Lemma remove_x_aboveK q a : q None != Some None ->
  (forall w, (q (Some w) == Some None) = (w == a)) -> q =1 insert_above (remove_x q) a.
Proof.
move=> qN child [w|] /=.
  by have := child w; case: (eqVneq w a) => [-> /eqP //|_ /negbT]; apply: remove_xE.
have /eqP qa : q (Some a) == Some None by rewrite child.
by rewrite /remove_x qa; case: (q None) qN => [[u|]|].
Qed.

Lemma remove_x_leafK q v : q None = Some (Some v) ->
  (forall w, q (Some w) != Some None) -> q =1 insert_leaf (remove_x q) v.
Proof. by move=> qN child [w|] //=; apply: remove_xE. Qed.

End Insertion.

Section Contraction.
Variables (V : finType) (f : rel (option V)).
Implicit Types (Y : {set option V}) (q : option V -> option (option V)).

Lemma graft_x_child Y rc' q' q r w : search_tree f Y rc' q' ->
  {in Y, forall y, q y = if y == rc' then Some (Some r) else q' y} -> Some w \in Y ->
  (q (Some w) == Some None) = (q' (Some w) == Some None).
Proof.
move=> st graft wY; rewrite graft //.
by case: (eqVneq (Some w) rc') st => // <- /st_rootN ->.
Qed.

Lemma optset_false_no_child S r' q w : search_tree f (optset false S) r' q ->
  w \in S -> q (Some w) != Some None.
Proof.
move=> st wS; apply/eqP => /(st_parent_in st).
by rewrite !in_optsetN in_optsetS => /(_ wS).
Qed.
* * *
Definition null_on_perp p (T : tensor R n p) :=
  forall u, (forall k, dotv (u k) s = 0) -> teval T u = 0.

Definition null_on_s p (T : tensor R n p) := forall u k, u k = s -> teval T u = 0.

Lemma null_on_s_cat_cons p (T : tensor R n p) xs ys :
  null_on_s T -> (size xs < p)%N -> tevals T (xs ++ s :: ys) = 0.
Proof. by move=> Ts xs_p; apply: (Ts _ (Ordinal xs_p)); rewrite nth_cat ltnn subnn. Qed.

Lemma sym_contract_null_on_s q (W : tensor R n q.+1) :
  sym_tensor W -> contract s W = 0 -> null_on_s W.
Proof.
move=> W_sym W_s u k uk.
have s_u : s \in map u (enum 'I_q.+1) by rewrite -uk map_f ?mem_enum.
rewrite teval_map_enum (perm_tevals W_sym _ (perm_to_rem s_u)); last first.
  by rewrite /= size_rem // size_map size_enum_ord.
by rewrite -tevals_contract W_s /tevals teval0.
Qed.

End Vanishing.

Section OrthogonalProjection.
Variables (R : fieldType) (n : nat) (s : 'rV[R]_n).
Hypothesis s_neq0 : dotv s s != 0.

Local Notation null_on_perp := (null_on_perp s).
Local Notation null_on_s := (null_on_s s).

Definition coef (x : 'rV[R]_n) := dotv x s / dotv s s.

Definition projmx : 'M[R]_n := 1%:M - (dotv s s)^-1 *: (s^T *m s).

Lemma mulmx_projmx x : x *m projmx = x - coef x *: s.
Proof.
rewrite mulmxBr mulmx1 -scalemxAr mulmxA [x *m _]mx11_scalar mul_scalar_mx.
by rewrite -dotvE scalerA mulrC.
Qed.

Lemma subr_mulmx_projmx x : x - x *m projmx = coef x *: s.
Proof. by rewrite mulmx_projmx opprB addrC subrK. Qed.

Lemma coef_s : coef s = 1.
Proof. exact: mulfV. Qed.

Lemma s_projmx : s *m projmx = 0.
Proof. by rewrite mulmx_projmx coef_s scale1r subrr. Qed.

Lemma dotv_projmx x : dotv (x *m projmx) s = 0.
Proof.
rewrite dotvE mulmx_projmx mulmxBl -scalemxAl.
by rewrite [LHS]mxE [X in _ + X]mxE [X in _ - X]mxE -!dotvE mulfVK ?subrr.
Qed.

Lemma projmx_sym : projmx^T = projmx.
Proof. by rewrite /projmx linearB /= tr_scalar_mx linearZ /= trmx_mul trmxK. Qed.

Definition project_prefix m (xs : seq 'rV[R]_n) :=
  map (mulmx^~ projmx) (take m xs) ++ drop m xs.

Assigned task: Look above for the line containing "Proof. by rewrite /projmx". Output from there through the line containing "map (mulmx^~ projmx)", exactly and inclusively.

Your response:
Proof. by rewrite /projmx linearB /= tr_scalar_mx linearZ /= trmx_mul trmxK. Qed.

Definition project_prefix m (xs : seq 'rV[R]_n) :=
  map (mulmx^~ projmx) (take m xs) ++ drop m xs.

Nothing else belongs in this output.